First, for each sequence we performed a 2 × 7 (model × surface relief) ANOVA between unsupervised and supervised model predictions, averaged over the training instances of each model. The sequences were sorted according to the F interaction statistic, prioritizing those with strong disagreements between model predictions88,89. In Experiment 3a, we visually inspected the top-ranked sequences and selected ten with diverse appearances and subjective failures of gloss constancy.

In Experiment 3b, we selected test sequences in an entirely automated manner by classifying the sequences into four qualitative groups on the basis of the average constancy pattern predicted by the unsupervised models:

  • Group 1: the model predicts approximate constancy (range of predicted ‘proportion glossier’ values < 0.25, and a linear function fit achieved R2 > 0.70);

  • Group 2: the model predicts an approximately linear increase in gloss with bump height (range > 0.50, and a linear fit achieved R2 > 0.90);

  • Group 3: the model predicts a non-monotonic failure of constancy (range > 0.50, and a quadratic fit of R2 > 0.90 with a negative coefficient of the squared term);

  • Group 4: the model predicts an upward-swinging nonlinear failure of constancy (range > 0.50, and a quadratic fit of R2 > 0.90 with a positive coefficient of the squared term).

We then selected the top sequences in each group (ranked by the F interaction term), in proportion to the size of each group (one constant, four linear, two non-monotonic and three nonlinear sequences).

Pairs of renderings with differing surface relief or lighting (Experiment 4: degrees of gloss constancy)

Here we sought pairs of stimuli with diverse scene differences (some differing in surface relief, some in lighting environment and some in angle of illumination) and for which the unsupervised model made a wide range of predictions, ranging from good constancy to strong failure of constancy.

We rendered 800 candidate image pairs with the same random material properties and camera position, but differing in either surface relief (0.40 cm versus 1.5 cm maximum bump height) or illumination. Pairs differing in illumination were either ‘naturally’ lit (differing in HDRI lighting environment, from among the six used in the main training dataset) or illuminated by a directional lamp (at a 30° versus 90° angle). Candidate pairs were generated in four groups of 200:

  • Group 1: identical natural light field; different surface relief;

  • Group 2: identical lamp angle; different surface relief;

  • Group 3: identical surface relief; different natural light field;

  • Group 4: identical surface relief; different lamp angle.

Average predicted gloss values were obtained for each image, across training instances of the unsupervised PixelVAE model (‘Data analysis’).

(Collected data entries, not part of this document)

Lemma slope_hull_pi_sub : sub_le (img (fun x => pi *: x) hull) (img Fm hull).
Proof.
have [_ _ hullZ] := submodule_slope_hull.
apply: img_bigsum_sub (submodule_imgF submodule_slope_hull) _ => //;
  [exact: scaler0 | exact: scalerDr |].
move=> [[|i] lt_is] _ [_ [[_ [/iter_img [x [Xx ->]] ->]] ->]] /=.
  have [w [Xw ew]] : img (iter s Fm) X (pi ^+ r *: x) by apply/isoclinicX; exists x.
  have [s' es] : exists s', s = s'.+1 by exists s.-1; rewrite prednK.
  exists (pi ^ (1 - r%:Z + e s') *: (pi ^ (- e s') *: iter s' Fm w)); split.
    apply: hullZ; last by apply: (slope_hull_summand _ Xw); rewrite es.
    by apply: intL_piz; have := slope_floor_last s_gt0 r_le_s; rewrite es /=; lia.
  have Fw : Fm (iter s' Fm w) = pi ^+ r *: x by rewrite ew es.
  rewrite !F_piz scale_piz Fw exprnP scale_piz -{1}(expr1z pi) scale_piz.
  by congr (pi ^ _ *: _); rewrite mul0n div0n; lia.
exists (pi ^ (1 + e i - e i.+1) *: (pi ^ (- e i) *: iter i Fm x)); split.
  apply: hullZ; last by apply: (slope_hull_summand _ Xx); apply: ltnW.
  by apply: intL_piz; have := slope_floor_step i s_gt0 r_le_s; lia.
rewrite !F_piz -{1}(expr1z pi) !scale_piz; congr (pi ^ _ *: _); lia.
Qed.

Lemma dieudonne_slope_hull : dieudonne hull.
Proof. by split; [apply: slope_hull_F_stable | apply: slope_hull_pi_sub]. Qed.

End SlopeHull.

Lemma slope_hull_bounded s r d (B : 'M[L]_(d, m)) :
  exists a, pi_bounded (slope_hull s r (lat B)) a.
Proof.
apply: pi_bounded_bigsum => i; have [a ha] := lattice_bounded (iter i (@Fmx d) B).
exists (a + i * r %/ s)%N => _ [y [/iter_img/iter_F_lattice By ->]].
have -> : pi ^+ (a + i * r %/ s) *: (pi ^ (- Posz (i * r %/ s)) *: y) = pi ^+ a *: y.
  by rewrite !exprnP scale_piz; congr (pi ^ _ *: _); lia.
exact: ha.
Qed.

Within each group, we ranked pairs by the absolute difference in predicted gloss of the images in the pair, and we selected pairs lying at each of the 10th percentiles, yielding 40 test pairs.

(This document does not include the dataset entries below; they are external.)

Definition antilex_perm_le (A : Type) (lt : rel A) (n : nat) (pi : {perm 'I_n})
    (x y : 'I_n -> A) : Prop :=
  x = y \/ antilex_perm lt pi x y.

Definition power_struct (A : finType) (ops : forall i, ('I_(ar i) -> A) -> A)
    (lt : rel A) (n : nat) (pi : {perm 'I_n}) : structure :=
  @Structure {ffun 'I_n -> A}
    (fun i x => [ffun k => ops i (fun j => x j k)])
    (fun a b => antilex_perm_le lt pi a b).

Definition OV_fin_object (A : finType) (ops : forall i, ('I_(ar i) -> A) -> A)
    (lt : rel A) (S : structure) : Prop :=
  exists (n : nat) (pi : {perm 'I_n.+1}), isomorphic S (power_struct ops lt pi).

End Defs.

(* Permuting coordinates, we may assume pi = 1.  A subuniverse Q of A^n is
   then determined by its kernel, the equivalence "coordinates i and j agree on
   every element of Q": since A is primal, a tuple constant on the kernel
   classes is a term operation applied to the columns of Q, hence lies in Q.
   So Q is isomorphic to A^m, m the number of classes, by restriction to one
   coordinate per class.  Choosing the largest coordinate of each class, the
   restriction preserves and reflects the antilexicographic order, because the
   last coordinate where two elements of Q differ is the largest of its class. *)

From mathcomp Require Import all_boot all_order.
From mathcomp Require Import perm.
From mathcomp Require Import boolp.
Set Implicit Arguments. Unset Strict Implicit. Unset Printing Implicit Defensive.

Section Isomorphisms.
Variables (I : Type) (ar : I -> nat).

Lemma isomorphic_trans (S T U : structure ar) :
  isomorphic S T -> isomorphic T U -> isomorphic S U.
Proof.
move=> [f [[g fK gK] [f_ops f_rel]]] [f' [[g' fK' gK'] [f_ops' f_rel']]].
exists (f' \o f); split; first by exists (g \o g') => x /=; rewrite ?fK ?fK' ?gK ?gK'.
split; first by move=> i x /=; rewrite f_ops f_ops'.
by move=> a b /=; rewrite f_rel f_rel'.
Qed.

Lemma isomorphic_substructure (S T : structure ar) (P : S -> Prop)
    (HP : op_closed P) :
  isomorphic S T -> (exists x, P x) ->
  exists (Q : T -> Prop) (HQ : op_closed Q),
    (exists y, Q y) /\ isomorphic (substructure HP) (substructure HQ).
Proof.
move=> [f [[g fK gK] [f_ops f_rel]]] [x Px].
have HQ : op_closed (fun y => P (g y)).
  move=> i y Py; have -> : sops y = f (sops (fun j => g (y j))).
    by rewrite f_ops; under [fun j => f _]eq_fun do rewrite gK.
  by rewrite fK; apply: HP.
exists (fun y => P (g y)), HQ; split; first by exists (f x); rewrite fK.
pose F (a : substructure HP) : substructure HQ :=
  exist _ (f (sval a)) (eq_ind_r P (proj2_sig a) (fK (sval a))).
pose G (b : substructure HQ) : substructure HP := exist P (g (sval b)) (proj2_sig b).
exists F; split.
  by exists G => [[a Pa]|[b Qb]]; apply: eq_exist; rewrite /= ?fK ?gK.
split; last by move=> a b; apply: f_rel.
by move=> i a; apply: eq_exist; rewrite /= f_ops.
Qed.

End Isomorphisms.

Section PowerStructures.
Variables (I : Type) (ar : I -> nat) (A : finType)
  (ops : forall i, ('I_(ar i) -> A) -> A) (lt : rel A).

Lemma ffun_eq_fun (aT : finType) (rT : Type) (a b : {ffun aT -> rT}) :
  (a = b :> (aT -> rT)) <-> a = b.
Proof. by split=> [ab | -> //]; apply/ffunP => t; rewrite ab. Qed.

Lemma antilex_perm1 n (x y : 'I_n -> A) :
  antilex_perm lt 1 x y <-> antilex lt x y.
Proof.
rewrite /antilex_perm; under [fun t => x _]funext do rewrite perm1.
by under [fun t => y _]funext do rewrite perm1.
Qed.

Lemma power_struct_perm1 n (pi : {perm 'I_n}) :
  isomorphic (power_struct ops lt pi) (power_struct ops lt (1 : {perm 'I_n})).
Proof.
pose f (x : {ffun 'I_n -> A}) : {ffun 'I_n -> A} := [ffun t => x (pi t)].
pose g (y : {ffun 'I_n -> A}) : {ffun 'I_n -> A} := [ffun t => y ((pi^-1)%g t)].
have fK : cancel f g by move=> x; apply/ffunP => t; rewrite !ffunE permKV.
have gK : cancel g f by move=> y; apply/ffunP => t; rewrite !ffunE permK.
exists f; split; first by exists g.
split=> [i x | a b].
  by apply/ffunP => t; rewrite /= !ffunE; congr ops; apply: funext => j; rewrite ffunE.
rewrite /= /antilex_perm_le antilex_perm1 /antilex_perm.
have -> : (fun t => a (pi t)) = f a by apply: funext => t; rewrite ffunE.
have -> : (fun t => b (pi t)) = f b by apply: funext => t; rewrite ffunE.
have f_eq : a = b <-> f a = f b by split=> [-> // | /(can_inj fK)].
by rewrite !ffun_eq_fun f_eq.
Qed.

Section PrimalSubuniverse.
Variables (n : nat) (pi : {perm 'I_n}) (Q : {ffun 'I_n -> A} -> Prop).
Hypothesis HQ : op_closed (S := power_struct ops lt pi) Q.

Lemma op_closed_eval_term (V : Type) (h : V -> {ffun 'I_n -> A}) :
  (forall v, Q (h v)) ->
  forall t, Q [ffun i => eval_term ops (fun v => h v i) t].
Proof.
move=> Qh; elim=> [v | k ts IHts] /=.
  by have -> : [ffun i => h v i] = h v by apply/ffunP => i; rewrite ffunE.
have /HQ : forall j, Q [ffun i => eval_term ops (fun v => h v i) (ts j)] by [].
by congr Q; apply/ffunP => i; rewrite /= !ffunE; under eq_fun do rewrite ffunE.
Qed.

Variable b0 : {ffun 'I_n -> A}.
Hypothesis Qb0 : Q b0.

(* The elements of Q listed by the fixed arity #|A^n|.+1, padded with b0. *)
Definition subuniverse_enum (j : 'I_#|{ffun 'I_n -> A}|.+1) : {ffun 'I_n -> A} :=
  let y := nth b0 (enum {ffun 'I_n -> A}) j in if pselect (Q y) then y else b0.

Lemma subuniverse_enumP j : Q (subuniverse_enum j).
Proof. by rewrite /subuniverse_enum; case: pselect. Qed.

Lemma subuniverse_enum_onto b : Q b -> exists j, subuniverse_enum j = b.
Proof.
move=> Qb; have ltb : index b (enum {ffun 'I_n -> A}) < #|{ffun 'I_n -> A}|.+1.
  by rewrite ltnS ltnW // cardE index_mem mem_enum.
by exists (Ordinal ltb); rewrite /subuniverse_enum /= nth_index ?mem_enum //; case: pselect.
Qed.

Lemma primal_kernel_closed : primal ops ->
  forall x : {ffun 'I_n -> A},
    (forall i i', (forall b, Q b -> b i = b i') -> x i = x i') -> Q x.
Proof.
move=> [_ primA] x x_const.
pose col i j := subuniverse_enum j i.
pose f v := if [pick i | [forall j, col i j == v j]] is Some i then x i else v ord0.
have [t tf] := primA _ f.
have -> : x = [ffun i => eval_term ops (col i) t].
  apply/ffunP => i; rewrite ffunE tf /f; case: pickP => [i' /forallP same_col | /(_ i)].
    apply: x_const => b /subuniverse_enum_onto [j <-].
    by apply/esym/eqP/same_col.
  by move/negbT/negP; case; apply/forallP.
exact/op_closed_eval_term/subuniverse_enumP.
Qed.

End PrimalSubuniverse.

Section Kernel.
Variables (n : nat) (Q : {ffun 'I_n.+1 -> A} -> Prop).

Definition coord_eq (i j : 'I_n.+1) : bool := `[< forall b, Q b -> b i = b j >].

Lemma coord_eqP i j : reflect (forall b, Q b -> b i = b j) (coord_eq i j).
Proof. exact: asboolP. Qed.

Lemma coord_eq_refl i : coord_eq i i.
Proof. exact/coord_eqP. Qed.

Lemma coord_eq_trans i j k : coord_eq i j -> coord_eq j k -> coord_eq i k.
Proof. by move=> /coord_eqP ij /coord_eqP jk; apply/coord_eqP => b Qb; rewrite ij ?jk. Qed.

Lemma coord_eq_sym i j : coord_eq i j -> coord_eq j i.
Proof. by move=> /coord_eqP ij; apply/coord_eqP => b Qb; rewrite ij. Qed.

Definition class_max (i : 'I_n.+1) : 'I_n.+1 := fintype.arg_max i (coord_eq i) val.

Lemma class_maxP (i : 'I_n.+1) :
  coord_eq i (class_max i) /\ forall j, coord_eq i j -> j <= class_max i.
Proof. by rewrite /class_max; case: fintype.arg_maxnP; first exact: coord_eq_refl. Qed.

Lemma leq_class_max (i : 'I_n.+1) : i <= class_max i.
Proof. exact: (class_maxP i).2 (coord_eq_refl i). Qed.

Lemma class_max_eq (i j : 'I_n.+1) : coord_eq i j -> class_max i = class_max j.
Proof.
move=> ij; have [i_max le_i] := class_maxP i; have [j_max le_j] := class_maxP j.
apply/val_inj/eqP; rewrite eqn_leq le_j ?le_i //.
  exact: coord_eq_trans ij j_max.
exact: coord_eq_trans (coord_eq_sym ij) i_max.
Qed.

Lemma class_maxK (i : 'I_n.+1) : class_max (class_max i) = class_max i.
Proof. by rewrite -(class_max_eq (class_maxP i).1). Qed.

Lemma coord_class_max b (i : 'I_n.+1) : Q b -> b (class_max i) = b i.
Proof. by move=> Qb; have /coord_eqP -> := (class_maxP i).1. Qed.

Definition reps : seq 'I_n.+1 := [seq i <- enum 'I_n.+1 | class_max i == i].

Lemma mem_reps (i : 'I_n.+1) : (i \in reps) = (class_max i == i).
Proof. by rewrite mem_filter mem_enum andbT. Qed.

Lemma class_max_reps (i : 'I_n.+1) : class_max i \in reps.
Proof. by rewrite mem_reps class_maxK. Qed.

Lemma reps_uniq : uniq reps.
Proof. by rewrite filter_uniq ?enum_uniq. Qed.

Lemma ltn_nth_reps c d : c < size reps -> d < size reps ->
  (nth ord0 reps c < nth ord0 reps d) = (c < d).
Proof.
have ltn_trans' : transitive (fun i j : 'I_n.+1 => i < j).
  by move=> ? ? ?; apply: ltn_trans.
have sorted_reps : sorted (fun i j : 'I_n.+1 => i < j) reps.
  apply: sorted_filter => //.
  by have := iota_ltn_sorted 0 n.+1; rewrite -val_enum_ord sorted_map.
move=> c_lt d_lt; case: (ltngtP c d) => [cd | dc | -> ]; last by rewrite ltnn.
  exact: (sorted_ltn_nth ltn_trans' ord0 sorted_reps).
by apply/negbTE; rewrite -leqNgt ltnW // (sorted_ltn_nth ltn_trans' ord0 sorted_reps).
Qed.

Definition kernel_dim := (size reps).-1.

Lemma size_reps : size reps = kernel_dim.+1.
Proof. by rewrite prednK //; case: reps (class_max_reps ord0). Qed.

Definition restrict (x : {ffun 'I_n.+1 -> A}) : {ffun 'I_kernel_dim.+1 -> A} :=
  [ffun c : 'I_kernel_dim.+1 => x (nth ord0 reps c)].

Definition extend (z : {ffun 'I_kernel_dim.+1 -> A}) : {ffun 'I_n.+1 -> A} :=
  [ffun i => z (inord (index (class_max i) reps))].

Lemma extendK : cancel extend restrict.
Proof.
move=> z; apply/ffunP => c; rewrite !ffunE.
have c_lt : c < size reps by rewrite size_reps.
have /eqP -> : class_max (nth ord0 reps c) == nth ord0 reps c.
  by rewrite -mem_reps mem_nth.
by rewrite index_uniq ?reps_uniq // inord_val.
Qed.

Lemma restrictK x : Q x -> extend (restrict x) = x.
Proof.
move=> Qx; apply/ffunP => i; rewrite !ffunE inordK; last first.
  by rewrite -size_reps index_mem class_max_reps.
by rewrite nth_index ?class_max_reps ?coord_class_max.
Qed.

Lemma extend_kernel z i i' :
  (forall b, Q b -> b i = b i') -> extend z i = extend z i'.
Proof. by move=> /coord_eqP ii'; rewrite !ffunE (class_max_eq ii'). Qed.

Hypothesis lt_irr : forall a, ~~ lt a a.

(* (->): the last coordinate s where a and b differ is the maximum of its
   class, since a and b agree beyond s but the maximum carries the same values. *)
Lemma antilex_restrict a b : Q a -> Q b ->
  antilex lt a b <-> antilex lt (restrict a) (restrict b).
Proof.
move=> Qa Qb; split=> [[s [eq_after lt_s]] | [c [eq_after lt_c]]].
  have s_rep : s \in reps.
    rewrite mem_reps -val_eqE eqn_leq leq_class_max andbT leqNgt; apply/negP => s_lt.
    move: lt_s; rewrite -(coord_class_max s Qa) eq_after // coord_class_max //.
    by rewrite (negbTE (lt_irr _)).
  have s_lt : index s reps < kernel_dim.+1 by rewrite -size_reps index_mem.
  exists (Ordinal s_lt); rewrite !ffunE nth_index //; split=> // c c_gt.
  rewrite !ffunE eq_after // -{1}(nth_index ord0 s_rep) ltn_nth_reps ?index_mem //.
  by rewrite size_reps.
have c_lt : c < size reps by rewrite size_reps.
exists (nth ord0 reps c); move: lt_c; rewrite !ffunE; split=> // t t_gt.
have t_lt : index (class_max t) reps < kernel_dim.+1.
  by rewrite -size_reps index_mem class_max_reps.
rewrite -(coord_class_max t Qa) -(coord_class_max t Qb).
have := eq_after (Ordinal t_lt); rewrite !ffunE nth_index ?class_max_reps //; apply.
rewrite /= -(ltn_nth_reps c_lt) ?index_mem ?class_max_reps // nth_index ?class_max_reps //.
exact: leq_trans t_gt (leq_class_max t).
Qed.

Lemma subuniverse_power_iso (HQ : op_closed (S := power_struct ops lt 1) Q) b0 :
  primal ops -> Q b0 ->
  isomorphic (substructure HQ) (power_struct ops lt (1 : {perm 'I_kernel_dim.+1})).
Proof.
move=> primA Qb0.
have Q_extend z : Q (extend z).
  by apply: (primal_kernel_closed HQ Qb0 primA) => i i'; apply: extend_kernel.
exists (fun a => restrict (sval a)); split.
  exists (fun z => exist Q (extend z) (Q_extend z)) => [[a Qa]|z]; last exact: extendK.
  by apply: eq_exist; rewrite /= restrictK.
split=> [i x | [a Qa] [b Qb]].
  by apply/ffunP => c; rewrite /= !ffunE; congr ops; apply: funext => j; rewrite ffunE.
have restrict_eq : a = b <-> restrict a = restrict b.
  by split=> [-> // | ab]; rewrite -(restrictK Qa) ab restrictK.
by rewrite /= /antilex_perm_le !antilex_perm1 antilex_restrict // !ffun_eq_fun restrict_eq.
Qed.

Geometry and lighting generalization test set

To test the generalization of models trained on the main dataset, we rendered five sets of 500 new images, one using the original surface sheet and four using novel surface geometries (Fig. 7a). Illumination was randomly one of eight novel 4,096 pixel × 2,048 pixel HDR light probes (six exterior and two interior) from the Dutch Skies 360° HDRI Project (http://www.dutch360hdr.com/). Specular reflectance was varied as in the continuously sampled gloss training dataset.

Highlight-feature manipulated images

To manipulate highlight features (Fig. 8), we manipulated the specular component image in four different ways, before combining with the diffuse component image by addition:

  • Translated highlights: the specular component was shifted rightwards in ten five-pixel steps. To avoid edge artefacts after translation, the images were rendered at 1,024 × 1,024 resolution and then cropped to the lower-right 800 pixels × 800 pixels.

  • Reducing highlight coverage: we applied image erosion to the specular component using the OpenCV package for Python. The kernel size was 2 × 2. Up to ten iterations were applied to create ten progressively reduced highlight maps.

  • Reducing highlight sharpness: the specular image was convolved with a Gaussian filter, with the step size ranging from 1 × 1 to 11 × 11.

  • Reducing highlight contrast: we created a ‘highlight mask’ by identifying pixels with values >4 (from a range of 0–255) in the greyscale version of the specular image. The standard deviation of pixel intensity within the highlight map was multiplicatively reduced in ten steps, from 1 to 0.1 times their original s.d., while retaining the original mean.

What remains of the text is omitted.